◆ Saved data entries ◆
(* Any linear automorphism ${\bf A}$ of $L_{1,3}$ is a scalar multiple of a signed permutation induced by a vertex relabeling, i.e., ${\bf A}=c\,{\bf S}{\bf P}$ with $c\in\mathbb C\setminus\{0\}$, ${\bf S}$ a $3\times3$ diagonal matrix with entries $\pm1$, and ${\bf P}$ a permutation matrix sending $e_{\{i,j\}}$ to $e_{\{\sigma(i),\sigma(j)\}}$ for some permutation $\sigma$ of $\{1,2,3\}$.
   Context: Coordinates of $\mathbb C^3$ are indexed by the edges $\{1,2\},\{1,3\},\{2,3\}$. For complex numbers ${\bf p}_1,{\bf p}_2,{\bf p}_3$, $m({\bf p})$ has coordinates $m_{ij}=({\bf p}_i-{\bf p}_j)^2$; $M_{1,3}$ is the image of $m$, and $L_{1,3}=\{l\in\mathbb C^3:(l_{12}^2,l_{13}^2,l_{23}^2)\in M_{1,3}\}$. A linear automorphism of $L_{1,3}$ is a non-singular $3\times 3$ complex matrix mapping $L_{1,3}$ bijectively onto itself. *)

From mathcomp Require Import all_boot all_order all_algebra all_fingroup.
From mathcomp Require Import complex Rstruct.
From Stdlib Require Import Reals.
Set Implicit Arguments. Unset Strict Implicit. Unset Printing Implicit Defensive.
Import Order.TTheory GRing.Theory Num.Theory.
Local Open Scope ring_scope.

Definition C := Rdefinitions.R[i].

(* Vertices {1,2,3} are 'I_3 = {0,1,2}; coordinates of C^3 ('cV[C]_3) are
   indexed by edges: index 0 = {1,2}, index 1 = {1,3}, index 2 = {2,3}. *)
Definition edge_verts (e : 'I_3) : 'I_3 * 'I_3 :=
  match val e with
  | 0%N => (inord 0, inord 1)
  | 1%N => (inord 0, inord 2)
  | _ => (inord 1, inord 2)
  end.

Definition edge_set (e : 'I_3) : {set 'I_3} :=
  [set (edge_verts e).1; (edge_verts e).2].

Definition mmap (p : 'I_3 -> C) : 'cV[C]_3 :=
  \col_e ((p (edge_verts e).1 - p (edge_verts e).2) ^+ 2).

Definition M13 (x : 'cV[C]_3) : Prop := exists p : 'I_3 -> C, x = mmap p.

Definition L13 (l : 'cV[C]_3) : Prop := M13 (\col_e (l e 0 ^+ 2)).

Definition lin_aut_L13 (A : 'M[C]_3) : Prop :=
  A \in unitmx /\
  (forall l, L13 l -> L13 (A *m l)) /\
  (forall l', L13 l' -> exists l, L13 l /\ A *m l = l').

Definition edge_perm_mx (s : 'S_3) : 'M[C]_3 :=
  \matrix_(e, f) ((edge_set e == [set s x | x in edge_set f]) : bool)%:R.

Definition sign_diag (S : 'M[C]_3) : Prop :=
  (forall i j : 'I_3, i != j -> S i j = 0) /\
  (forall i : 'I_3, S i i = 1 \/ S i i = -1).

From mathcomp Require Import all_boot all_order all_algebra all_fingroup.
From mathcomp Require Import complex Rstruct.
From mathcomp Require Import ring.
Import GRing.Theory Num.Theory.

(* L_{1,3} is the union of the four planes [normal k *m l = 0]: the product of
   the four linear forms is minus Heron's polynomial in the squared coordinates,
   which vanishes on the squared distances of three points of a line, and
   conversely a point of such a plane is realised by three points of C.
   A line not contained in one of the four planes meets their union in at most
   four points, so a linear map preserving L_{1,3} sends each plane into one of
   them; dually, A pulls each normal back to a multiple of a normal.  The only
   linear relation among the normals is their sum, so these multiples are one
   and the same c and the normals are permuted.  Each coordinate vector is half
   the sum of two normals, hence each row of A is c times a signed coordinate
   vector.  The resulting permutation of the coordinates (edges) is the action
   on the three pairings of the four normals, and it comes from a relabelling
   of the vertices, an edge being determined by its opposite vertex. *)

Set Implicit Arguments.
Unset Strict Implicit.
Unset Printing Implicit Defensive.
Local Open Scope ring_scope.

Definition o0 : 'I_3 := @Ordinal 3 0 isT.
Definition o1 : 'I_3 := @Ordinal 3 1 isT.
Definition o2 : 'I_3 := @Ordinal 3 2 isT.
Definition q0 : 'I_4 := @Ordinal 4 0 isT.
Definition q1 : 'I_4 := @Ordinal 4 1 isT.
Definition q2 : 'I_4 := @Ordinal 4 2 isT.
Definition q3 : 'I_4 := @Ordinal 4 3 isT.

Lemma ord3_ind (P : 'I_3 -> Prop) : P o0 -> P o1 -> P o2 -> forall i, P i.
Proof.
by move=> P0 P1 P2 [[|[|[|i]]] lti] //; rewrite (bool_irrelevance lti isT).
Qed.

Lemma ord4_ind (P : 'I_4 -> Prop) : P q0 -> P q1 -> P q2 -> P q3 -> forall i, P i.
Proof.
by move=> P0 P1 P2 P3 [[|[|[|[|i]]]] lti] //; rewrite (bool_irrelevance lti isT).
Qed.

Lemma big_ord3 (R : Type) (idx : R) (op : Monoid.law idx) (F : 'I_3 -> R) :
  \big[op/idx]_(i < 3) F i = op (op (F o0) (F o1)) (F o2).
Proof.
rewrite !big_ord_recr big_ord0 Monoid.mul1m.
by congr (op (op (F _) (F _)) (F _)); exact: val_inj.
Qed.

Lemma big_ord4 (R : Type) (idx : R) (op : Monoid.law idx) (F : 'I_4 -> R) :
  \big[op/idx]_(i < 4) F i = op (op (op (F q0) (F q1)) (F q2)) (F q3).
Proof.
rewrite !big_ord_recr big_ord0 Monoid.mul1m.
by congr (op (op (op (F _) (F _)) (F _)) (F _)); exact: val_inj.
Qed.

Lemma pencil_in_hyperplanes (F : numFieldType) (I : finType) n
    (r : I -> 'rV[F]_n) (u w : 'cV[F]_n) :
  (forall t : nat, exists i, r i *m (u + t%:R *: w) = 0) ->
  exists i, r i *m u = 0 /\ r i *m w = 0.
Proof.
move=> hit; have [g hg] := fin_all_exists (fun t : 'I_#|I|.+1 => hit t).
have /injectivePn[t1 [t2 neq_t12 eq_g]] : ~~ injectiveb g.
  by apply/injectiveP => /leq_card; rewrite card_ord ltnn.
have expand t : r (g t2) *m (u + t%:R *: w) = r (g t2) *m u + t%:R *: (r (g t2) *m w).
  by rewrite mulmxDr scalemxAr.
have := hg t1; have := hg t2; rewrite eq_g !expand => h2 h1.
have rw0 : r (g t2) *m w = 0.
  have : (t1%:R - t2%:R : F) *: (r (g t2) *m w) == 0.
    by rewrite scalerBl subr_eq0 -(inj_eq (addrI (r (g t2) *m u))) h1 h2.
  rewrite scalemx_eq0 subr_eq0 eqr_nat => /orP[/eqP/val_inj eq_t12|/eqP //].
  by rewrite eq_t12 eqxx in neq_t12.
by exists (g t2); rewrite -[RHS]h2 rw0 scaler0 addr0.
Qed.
* * *
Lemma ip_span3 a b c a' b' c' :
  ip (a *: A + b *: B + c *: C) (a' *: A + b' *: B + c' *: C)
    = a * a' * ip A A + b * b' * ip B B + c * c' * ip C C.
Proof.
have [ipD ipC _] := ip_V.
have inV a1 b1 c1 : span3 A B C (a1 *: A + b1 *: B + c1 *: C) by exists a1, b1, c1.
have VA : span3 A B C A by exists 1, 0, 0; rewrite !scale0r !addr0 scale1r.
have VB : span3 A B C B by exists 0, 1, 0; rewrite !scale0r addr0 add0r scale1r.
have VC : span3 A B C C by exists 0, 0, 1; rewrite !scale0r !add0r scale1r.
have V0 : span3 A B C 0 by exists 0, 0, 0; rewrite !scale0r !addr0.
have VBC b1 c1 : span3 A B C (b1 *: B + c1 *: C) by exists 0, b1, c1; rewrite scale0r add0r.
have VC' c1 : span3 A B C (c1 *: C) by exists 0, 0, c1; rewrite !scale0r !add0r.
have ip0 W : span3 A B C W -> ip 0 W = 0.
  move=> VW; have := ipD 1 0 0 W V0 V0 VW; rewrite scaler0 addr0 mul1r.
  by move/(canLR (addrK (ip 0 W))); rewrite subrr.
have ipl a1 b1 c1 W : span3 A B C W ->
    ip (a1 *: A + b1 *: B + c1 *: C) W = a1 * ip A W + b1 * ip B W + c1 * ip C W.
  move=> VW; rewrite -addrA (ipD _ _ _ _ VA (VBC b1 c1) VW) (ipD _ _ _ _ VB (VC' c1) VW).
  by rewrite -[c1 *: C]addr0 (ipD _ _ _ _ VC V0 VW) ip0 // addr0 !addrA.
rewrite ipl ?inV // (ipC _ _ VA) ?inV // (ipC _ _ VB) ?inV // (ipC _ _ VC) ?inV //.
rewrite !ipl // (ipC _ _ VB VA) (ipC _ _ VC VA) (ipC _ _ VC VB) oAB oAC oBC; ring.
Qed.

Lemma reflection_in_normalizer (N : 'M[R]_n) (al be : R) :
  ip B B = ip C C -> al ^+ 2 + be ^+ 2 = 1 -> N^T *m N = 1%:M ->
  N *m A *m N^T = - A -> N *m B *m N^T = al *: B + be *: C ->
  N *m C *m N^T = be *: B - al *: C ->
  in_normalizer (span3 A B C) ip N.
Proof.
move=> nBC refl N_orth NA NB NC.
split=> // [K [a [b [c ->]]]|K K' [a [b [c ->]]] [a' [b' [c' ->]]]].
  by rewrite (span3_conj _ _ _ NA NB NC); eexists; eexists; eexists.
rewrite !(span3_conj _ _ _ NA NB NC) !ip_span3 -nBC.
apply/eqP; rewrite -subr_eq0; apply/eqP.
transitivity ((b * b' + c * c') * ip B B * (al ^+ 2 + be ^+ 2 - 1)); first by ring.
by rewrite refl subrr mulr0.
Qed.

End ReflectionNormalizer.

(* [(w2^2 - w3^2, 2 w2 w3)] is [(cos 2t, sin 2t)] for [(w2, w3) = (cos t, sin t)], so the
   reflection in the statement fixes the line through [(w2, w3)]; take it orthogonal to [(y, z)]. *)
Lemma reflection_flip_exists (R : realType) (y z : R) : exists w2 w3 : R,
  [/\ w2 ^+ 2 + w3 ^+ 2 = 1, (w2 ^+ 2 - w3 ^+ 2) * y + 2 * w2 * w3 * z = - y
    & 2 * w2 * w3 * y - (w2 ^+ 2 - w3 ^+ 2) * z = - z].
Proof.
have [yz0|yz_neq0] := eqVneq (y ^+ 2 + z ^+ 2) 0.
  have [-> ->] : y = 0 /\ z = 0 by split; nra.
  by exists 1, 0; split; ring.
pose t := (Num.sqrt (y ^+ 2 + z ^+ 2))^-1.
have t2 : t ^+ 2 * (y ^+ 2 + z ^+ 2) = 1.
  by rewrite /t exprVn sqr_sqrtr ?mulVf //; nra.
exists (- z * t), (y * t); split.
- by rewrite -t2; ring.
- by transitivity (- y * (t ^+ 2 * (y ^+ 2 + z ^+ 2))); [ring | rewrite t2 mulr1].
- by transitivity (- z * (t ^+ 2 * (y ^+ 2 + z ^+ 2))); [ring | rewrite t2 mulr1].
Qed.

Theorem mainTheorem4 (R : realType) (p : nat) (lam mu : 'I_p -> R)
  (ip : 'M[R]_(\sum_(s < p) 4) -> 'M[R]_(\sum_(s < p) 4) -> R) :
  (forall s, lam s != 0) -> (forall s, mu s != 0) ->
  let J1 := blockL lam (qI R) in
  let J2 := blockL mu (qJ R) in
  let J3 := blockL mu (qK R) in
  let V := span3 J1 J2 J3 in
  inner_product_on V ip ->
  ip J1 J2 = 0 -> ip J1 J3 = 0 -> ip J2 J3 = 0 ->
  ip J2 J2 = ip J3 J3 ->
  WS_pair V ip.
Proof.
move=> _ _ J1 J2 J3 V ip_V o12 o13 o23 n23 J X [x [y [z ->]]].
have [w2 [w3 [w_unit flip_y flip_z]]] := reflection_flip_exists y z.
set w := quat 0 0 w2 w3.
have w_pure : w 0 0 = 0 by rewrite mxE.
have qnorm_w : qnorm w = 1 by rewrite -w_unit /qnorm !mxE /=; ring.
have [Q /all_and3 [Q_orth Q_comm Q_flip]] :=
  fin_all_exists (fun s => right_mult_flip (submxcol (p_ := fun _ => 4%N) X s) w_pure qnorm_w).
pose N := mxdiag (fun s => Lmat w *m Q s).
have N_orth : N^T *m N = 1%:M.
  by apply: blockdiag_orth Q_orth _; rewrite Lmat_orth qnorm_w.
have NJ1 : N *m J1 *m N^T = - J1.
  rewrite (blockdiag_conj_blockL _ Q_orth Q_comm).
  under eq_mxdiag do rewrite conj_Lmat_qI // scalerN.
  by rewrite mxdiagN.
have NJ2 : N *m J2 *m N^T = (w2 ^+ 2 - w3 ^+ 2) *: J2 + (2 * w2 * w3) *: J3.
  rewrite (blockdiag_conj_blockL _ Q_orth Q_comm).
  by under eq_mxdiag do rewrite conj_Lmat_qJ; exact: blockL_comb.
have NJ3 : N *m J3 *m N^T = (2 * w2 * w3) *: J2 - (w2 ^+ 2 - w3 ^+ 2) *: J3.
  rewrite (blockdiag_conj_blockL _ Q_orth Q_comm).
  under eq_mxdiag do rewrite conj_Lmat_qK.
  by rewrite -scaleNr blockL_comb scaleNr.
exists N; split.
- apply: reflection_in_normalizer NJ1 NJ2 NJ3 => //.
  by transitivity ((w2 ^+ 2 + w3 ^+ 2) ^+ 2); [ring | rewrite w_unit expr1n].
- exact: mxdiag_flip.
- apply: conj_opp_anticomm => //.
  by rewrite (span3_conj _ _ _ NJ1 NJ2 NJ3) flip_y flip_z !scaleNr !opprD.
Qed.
--
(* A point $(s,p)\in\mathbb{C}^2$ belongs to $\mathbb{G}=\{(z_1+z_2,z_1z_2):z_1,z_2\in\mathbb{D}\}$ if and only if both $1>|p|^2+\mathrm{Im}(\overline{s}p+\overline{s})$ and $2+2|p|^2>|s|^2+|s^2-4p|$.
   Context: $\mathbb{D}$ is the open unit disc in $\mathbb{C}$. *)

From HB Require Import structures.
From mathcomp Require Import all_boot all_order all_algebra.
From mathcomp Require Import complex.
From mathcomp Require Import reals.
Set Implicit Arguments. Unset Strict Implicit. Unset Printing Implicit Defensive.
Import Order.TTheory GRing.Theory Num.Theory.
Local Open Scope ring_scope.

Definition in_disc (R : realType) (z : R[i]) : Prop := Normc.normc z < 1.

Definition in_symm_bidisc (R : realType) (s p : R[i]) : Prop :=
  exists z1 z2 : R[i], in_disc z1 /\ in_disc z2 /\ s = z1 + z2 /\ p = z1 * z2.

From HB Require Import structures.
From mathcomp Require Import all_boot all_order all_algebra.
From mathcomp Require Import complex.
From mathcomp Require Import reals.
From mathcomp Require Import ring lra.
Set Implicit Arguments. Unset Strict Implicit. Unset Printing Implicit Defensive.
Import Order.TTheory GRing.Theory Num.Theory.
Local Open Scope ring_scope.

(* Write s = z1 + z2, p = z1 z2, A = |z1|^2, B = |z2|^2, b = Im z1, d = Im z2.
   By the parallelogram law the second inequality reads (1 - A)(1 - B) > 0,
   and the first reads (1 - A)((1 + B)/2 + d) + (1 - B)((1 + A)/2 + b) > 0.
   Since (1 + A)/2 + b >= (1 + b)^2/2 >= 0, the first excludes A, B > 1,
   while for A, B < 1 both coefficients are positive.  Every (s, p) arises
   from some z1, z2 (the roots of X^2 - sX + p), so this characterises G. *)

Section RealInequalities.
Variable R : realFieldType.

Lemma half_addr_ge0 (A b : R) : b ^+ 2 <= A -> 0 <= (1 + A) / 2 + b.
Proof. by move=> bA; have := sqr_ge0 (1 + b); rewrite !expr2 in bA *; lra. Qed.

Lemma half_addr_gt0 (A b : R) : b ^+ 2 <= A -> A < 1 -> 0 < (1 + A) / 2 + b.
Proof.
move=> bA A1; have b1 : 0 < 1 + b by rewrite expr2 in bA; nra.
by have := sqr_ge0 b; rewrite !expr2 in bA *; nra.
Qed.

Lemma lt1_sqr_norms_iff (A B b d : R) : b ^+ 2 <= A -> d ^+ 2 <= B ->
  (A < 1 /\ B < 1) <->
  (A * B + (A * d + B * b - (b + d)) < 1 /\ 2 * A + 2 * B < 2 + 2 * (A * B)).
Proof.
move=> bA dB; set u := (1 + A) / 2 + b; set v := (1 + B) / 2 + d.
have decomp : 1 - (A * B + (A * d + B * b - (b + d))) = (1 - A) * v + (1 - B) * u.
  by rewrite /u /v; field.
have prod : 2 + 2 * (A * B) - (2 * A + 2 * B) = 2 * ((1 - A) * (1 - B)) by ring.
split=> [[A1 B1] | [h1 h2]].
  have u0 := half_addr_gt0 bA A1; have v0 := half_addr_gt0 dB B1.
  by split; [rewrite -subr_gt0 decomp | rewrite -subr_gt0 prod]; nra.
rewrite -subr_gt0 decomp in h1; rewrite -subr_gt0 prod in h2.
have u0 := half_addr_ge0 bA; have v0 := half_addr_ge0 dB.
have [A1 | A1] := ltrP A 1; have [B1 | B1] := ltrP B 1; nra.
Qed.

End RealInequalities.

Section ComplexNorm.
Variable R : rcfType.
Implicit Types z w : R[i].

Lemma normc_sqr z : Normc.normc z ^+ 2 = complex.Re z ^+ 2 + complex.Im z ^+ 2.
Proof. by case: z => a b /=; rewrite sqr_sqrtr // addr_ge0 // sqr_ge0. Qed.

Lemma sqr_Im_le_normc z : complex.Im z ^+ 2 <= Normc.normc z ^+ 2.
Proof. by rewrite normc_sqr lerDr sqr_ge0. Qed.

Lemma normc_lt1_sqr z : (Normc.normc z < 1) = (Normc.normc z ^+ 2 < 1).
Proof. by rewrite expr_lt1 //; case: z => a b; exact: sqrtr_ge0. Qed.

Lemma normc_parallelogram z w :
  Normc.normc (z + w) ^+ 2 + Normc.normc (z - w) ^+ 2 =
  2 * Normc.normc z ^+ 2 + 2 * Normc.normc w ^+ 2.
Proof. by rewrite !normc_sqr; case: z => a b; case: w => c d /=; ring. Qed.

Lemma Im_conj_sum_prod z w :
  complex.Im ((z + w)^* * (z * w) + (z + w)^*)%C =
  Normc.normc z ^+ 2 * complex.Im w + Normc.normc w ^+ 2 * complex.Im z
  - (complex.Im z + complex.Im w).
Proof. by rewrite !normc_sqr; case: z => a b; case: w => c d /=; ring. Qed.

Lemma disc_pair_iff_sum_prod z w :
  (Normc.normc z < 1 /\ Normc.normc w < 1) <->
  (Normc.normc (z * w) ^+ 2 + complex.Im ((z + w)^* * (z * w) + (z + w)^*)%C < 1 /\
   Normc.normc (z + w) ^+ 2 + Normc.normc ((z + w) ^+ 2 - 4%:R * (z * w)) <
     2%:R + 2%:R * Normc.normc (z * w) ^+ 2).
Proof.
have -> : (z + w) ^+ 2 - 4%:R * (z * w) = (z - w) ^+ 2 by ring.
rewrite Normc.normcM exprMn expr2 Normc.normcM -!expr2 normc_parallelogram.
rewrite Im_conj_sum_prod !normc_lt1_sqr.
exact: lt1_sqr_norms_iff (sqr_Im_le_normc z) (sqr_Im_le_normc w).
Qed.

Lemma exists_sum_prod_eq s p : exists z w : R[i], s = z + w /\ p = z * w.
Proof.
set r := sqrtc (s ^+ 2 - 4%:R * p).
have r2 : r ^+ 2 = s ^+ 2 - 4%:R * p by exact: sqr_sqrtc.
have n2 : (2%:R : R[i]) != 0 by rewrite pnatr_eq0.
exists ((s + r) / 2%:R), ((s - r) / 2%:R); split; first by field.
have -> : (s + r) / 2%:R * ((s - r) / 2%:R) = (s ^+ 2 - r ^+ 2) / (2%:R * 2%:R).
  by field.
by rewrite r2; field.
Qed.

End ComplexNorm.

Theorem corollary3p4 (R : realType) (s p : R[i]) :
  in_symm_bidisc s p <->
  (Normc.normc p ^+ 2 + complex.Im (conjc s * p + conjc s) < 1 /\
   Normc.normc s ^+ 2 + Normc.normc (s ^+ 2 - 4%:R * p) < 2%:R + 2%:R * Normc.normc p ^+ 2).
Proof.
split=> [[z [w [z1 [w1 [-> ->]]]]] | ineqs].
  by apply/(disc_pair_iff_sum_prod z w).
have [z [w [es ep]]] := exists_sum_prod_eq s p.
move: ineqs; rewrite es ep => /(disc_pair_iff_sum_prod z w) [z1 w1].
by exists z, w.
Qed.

◆ Aim of the task ◆
Transcribe the records above exactly, beginning at the line that contains "A \in unitmx /\" and ending with the line that contains "the four linear", both included, and nothing else.

◆ Output of the task ◆
  A \in unitmx /\
  (forall l, L13 l -> L13 (A *m l)) /\
  (forall l', L13 l' -> exists l, L13 l /\ A *m l = l').

Definition edge_perm_mx (s : 'S_3) : 'M[C]_3 :=
  \matrix_(e, f) ((edge_set e == [set s x | x in edge_set f]) : bool)%:R.

Definition sign_diag (S : 'M[C]_3) : Prop :=
  (forall i j : 'I_3, i != j -> S i j = 0) /\
  (forall i : 'I_3, S i i = 1 \/ S i i = -1).

From mathcomp Require Import all_boot all_order all_algebra all_fingroup.
From mathcomp Require Import complex Rstruct.
From mathcomp Require Import ring.
Import GRing.Theory Num.Theory.

(* L_{1,3} is the union of the four planes [normal k *m l = 0]: the product of
   the four linear forms is minus Heron's polynomial in the squared coordinates,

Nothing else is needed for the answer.